_Exercise brief_:
From the entries below, return exactly the lines beginning at the one that contains "assert (Hsmall : s" and ending at the one that contains "destruct (Req_dec t 0) as [->|Ht0]; [lra|].", both of them included, and only those lines.

_Data under study_:

=-=-=-=-=

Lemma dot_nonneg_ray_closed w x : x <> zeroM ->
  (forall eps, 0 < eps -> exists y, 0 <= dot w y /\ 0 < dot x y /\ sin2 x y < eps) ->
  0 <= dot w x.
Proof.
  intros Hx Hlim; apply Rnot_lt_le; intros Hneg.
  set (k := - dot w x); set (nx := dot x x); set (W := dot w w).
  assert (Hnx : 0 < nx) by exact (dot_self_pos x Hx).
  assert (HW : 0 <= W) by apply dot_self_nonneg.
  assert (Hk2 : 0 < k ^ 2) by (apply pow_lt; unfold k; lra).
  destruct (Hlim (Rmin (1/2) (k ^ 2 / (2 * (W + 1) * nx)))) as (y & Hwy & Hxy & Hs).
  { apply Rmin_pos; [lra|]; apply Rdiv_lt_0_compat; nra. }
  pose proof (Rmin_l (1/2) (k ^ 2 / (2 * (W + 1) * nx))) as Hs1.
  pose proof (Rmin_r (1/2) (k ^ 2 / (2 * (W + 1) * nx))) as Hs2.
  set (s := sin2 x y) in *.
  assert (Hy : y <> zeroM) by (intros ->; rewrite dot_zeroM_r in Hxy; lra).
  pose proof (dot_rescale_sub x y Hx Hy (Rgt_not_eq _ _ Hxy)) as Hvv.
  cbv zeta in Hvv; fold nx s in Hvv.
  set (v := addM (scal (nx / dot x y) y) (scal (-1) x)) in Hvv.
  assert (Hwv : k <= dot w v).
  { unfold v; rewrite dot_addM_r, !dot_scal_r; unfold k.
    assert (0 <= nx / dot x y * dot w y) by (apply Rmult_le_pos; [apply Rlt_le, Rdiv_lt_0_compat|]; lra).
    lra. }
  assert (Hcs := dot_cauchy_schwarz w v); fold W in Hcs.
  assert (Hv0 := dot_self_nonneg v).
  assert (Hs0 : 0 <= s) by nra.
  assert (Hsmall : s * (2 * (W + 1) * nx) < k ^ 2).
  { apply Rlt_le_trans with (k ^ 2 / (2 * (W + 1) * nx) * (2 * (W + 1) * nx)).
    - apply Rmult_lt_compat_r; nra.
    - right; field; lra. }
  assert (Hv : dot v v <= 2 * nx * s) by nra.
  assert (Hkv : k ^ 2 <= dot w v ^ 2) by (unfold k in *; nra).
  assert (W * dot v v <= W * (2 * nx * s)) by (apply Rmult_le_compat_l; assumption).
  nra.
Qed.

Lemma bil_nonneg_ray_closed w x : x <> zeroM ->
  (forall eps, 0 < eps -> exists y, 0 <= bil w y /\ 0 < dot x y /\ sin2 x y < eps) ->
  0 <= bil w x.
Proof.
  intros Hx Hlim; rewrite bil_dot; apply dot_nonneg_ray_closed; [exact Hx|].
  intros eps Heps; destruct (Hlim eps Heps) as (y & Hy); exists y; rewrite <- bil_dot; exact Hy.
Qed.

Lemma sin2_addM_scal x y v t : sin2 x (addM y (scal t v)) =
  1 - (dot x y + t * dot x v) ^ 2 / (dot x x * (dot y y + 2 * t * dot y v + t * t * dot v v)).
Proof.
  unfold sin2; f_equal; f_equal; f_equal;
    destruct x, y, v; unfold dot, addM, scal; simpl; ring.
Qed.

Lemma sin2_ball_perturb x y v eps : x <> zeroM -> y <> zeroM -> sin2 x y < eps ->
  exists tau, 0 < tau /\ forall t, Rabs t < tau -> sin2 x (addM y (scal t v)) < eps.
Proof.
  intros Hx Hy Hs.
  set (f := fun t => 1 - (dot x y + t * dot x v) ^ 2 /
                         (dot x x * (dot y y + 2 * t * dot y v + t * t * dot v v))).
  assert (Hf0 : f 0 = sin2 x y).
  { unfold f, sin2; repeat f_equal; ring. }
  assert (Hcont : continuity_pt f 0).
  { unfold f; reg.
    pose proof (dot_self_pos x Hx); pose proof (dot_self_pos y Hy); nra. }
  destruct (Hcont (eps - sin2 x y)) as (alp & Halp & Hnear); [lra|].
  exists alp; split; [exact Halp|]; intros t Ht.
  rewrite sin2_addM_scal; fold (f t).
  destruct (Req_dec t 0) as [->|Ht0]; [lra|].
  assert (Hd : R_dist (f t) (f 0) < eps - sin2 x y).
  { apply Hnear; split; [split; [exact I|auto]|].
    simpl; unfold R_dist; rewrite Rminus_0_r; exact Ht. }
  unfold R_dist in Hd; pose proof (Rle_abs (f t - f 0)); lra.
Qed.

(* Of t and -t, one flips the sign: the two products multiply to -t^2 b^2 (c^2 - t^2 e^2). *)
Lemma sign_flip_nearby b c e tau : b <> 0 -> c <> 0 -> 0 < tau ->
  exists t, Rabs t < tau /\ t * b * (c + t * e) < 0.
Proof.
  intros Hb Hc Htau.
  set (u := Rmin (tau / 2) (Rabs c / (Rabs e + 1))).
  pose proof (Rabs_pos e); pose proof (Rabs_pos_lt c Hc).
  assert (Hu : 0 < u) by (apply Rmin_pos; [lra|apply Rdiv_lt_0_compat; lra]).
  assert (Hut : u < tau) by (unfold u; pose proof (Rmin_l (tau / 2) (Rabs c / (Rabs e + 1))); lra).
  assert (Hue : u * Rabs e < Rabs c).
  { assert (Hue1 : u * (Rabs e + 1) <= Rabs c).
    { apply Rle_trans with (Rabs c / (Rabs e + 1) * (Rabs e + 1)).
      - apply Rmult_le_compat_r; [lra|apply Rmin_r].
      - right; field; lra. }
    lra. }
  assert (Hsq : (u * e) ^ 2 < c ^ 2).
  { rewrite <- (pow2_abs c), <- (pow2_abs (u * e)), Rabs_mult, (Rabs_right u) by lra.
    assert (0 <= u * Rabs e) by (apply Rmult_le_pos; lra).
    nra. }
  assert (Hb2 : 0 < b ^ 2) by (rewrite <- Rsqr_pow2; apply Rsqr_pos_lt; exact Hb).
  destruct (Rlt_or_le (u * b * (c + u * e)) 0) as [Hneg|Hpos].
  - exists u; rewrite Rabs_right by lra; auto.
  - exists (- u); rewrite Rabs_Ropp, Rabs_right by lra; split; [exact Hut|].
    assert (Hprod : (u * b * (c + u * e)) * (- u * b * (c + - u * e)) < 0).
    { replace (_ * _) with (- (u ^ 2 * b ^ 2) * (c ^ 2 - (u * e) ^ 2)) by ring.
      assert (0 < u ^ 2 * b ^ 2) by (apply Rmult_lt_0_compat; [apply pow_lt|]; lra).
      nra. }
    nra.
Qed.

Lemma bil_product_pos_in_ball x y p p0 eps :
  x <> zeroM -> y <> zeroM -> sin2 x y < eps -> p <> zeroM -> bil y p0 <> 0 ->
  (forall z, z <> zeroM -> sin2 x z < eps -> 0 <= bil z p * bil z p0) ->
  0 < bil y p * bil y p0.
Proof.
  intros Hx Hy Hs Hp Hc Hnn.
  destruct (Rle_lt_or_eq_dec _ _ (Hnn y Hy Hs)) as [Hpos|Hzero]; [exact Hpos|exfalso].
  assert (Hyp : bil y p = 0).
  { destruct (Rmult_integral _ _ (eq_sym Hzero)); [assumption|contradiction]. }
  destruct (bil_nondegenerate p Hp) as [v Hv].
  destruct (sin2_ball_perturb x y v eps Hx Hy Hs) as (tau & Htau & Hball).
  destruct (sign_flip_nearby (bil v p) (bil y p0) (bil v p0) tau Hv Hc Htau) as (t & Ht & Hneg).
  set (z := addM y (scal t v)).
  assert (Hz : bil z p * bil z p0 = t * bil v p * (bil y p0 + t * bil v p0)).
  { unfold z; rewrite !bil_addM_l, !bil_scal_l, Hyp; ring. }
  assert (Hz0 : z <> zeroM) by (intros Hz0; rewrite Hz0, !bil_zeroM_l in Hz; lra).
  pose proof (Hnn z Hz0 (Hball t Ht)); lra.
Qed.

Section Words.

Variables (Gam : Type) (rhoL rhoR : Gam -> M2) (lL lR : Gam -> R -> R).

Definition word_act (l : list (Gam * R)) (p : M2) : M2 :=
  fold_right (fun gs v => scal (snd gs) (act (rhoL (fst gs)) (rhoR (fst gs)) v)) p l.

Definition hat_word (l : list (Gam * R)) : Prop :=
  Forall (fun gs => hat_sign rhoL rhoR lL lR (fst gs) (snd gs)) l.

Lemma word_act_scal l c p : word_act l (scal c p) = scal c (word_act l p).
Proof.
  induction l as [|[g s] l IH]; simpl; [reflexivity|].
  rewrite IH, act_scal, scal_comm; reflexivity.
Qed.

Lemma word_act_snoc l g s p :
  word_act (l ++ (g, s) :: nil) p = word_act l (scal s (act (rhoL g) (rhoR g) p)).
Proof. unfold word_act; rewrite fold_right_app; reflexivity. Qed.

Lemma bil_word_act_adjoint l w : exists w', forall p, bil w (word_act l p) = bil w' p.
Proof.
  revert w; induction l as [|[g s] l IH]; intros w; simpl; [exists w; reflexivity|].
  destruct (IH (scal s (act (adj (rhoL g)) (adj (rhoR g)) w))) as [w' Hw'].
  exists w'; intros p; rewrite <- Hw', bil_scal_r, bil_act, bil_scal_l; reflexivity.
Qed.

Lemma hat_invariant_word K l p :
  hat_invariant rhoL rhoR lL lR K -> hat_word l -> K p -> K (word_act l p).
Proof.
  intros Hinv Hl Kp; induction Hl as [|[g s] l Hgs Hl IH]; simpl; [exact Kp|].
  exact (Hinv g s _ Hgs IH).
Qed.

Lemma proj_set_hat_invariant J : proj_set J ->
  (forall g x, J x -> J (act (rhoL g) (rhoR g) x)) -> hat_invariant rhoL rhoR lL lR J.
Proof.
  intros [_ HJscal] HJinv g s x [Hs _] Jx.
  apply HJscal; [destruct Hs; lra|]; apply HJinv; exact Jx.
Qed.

=-=-=-=-=

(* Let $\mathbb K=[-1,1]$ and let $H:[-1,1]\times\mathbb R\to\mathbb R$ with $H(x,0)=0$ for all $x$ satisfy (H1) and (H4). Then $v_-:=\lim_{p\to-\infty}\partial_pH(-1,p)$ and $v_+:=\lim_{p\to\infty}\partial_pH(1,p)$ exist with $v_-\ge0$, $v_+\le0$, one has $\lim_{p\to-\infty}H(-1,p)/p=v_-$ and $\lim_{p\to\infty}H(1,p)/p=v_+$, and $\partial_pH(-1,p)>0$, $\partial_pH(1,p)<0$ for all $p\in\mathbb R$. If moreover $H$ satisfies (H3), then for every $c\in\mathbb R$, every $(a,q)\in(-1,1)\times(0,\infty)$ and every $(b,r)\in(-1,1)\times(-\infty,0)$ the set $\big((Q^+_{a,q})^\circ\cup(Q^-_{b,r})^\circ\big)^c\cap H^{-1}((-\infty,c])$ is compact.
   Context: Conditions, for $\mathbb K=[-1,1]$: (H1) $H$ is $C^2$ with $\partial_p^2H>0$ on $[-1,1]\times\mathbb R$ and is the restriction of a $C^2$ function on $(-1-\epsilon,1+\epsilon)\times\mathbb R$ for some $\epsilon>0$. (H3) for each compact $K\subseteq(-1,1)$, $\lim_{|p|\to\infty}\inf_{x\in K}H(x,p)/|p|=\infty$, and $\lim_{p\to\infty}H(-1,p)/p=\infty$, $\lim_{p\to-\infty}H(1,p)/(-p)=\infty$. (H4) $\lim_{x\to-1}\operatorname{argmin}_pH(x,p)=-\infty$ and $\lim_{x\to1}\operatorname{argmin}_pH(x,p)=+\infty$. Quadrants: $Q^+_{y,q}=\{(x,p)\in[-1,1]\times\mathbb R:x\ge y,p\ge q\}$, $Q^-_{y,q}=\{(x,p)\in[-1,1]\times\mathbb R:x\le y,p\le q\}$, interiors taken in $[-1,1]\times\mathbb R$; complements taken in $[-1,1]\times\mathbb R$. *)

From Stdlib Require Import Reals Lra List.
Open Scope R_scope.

=-=-=-=-=

_Finished task_:
  assert (Hsmall : s * (2 * (W + 1) * nx) < k ^ 2).
  { apply Rlt_le_trans with (k ^ 2 / (2 * (W + 1) * nx) * (2 * (W + 1) * nx)).
    - apply Rmult_lt_compat_r; nra.
    - right; field; lra. }
  assert (Hv : dot v v <= 2 * nx * s) by nra.
  assert (Hkv : k ^ 2 <= dot w v ^ 2) by (unfold k in *; nra).
  assert (W * dot v v <= W * (2 * nx * s)) by (apply Rmult_le_compat_l; assumption).
  nra.
Qed.

Lemma bil_nonneg_ray_closed w x : x <> zeroM ->
  (forall eps, 0 < eps -> exists y, 0 <= bil w y /\ 0 < dot x y /\ sin2 x y < eps) ->
  0 <= bil w x.
Proof.
  intros Hx Hlim; rewrite bil_dot; apply dot_nonneg_ray_closed; [exact Hx|].
  intros eps Heps; destruct (Hlim eps Heps) as (y & Hy); exists y; rewrite <- bil_dot; exact Hy.
Qed.

Lemma sin2_addM_scal x y v t : sin2 x (addM y (scal t v)) =
  1 - (dot x y + t * dot x v) ^ 2 / (dot x x * (dot y y + 2 * t * dot y v + t * t * dot v v)).
Proof.
  unfold sin2; f_equal; f_equal; f_equal;
    destruct x, y, v; unfold dot, addM, scal; simpl; ring.
Qed.

Lemma sin2_ball_perturb x y v eps : x <> zeroM -> y <> zeroM -> sin2 x y < eps ->
  exists tau, 0 < tau /\ forall t, Rabs t < tau -> sin2 x (addM y (scal t v)) < eps.
Proof.
  intros Hx Hy Hs.
  set (f := fun t => 1 - (dot x y + t * dot x v) ^ 2 /
                         (dot x x * (dot y y + 2 * t * dot y v + t * t * dot v v))).
  assert (Hf0 : f 0 = sin2 x y).
  { unfold f, sin2; repeat f_equal; ring. }
  assert (Hcont : continuity_pt f 0).
  { unfold f; reg.
    pose proof (dot_self_pos x Hx); pose proof (dot_self_pos y Hy); nra. }
  destruct (Hcont (eps - sin2 x y)) as (alp & Halp & Hnear); [lra|].
  exists alp; split; [exact Halp|]; intros t Ht.
  rewrite sin2_addM_scal; fold (f t).
  destruct (Req_dec t 0) as [->|Ht0]; [lra|].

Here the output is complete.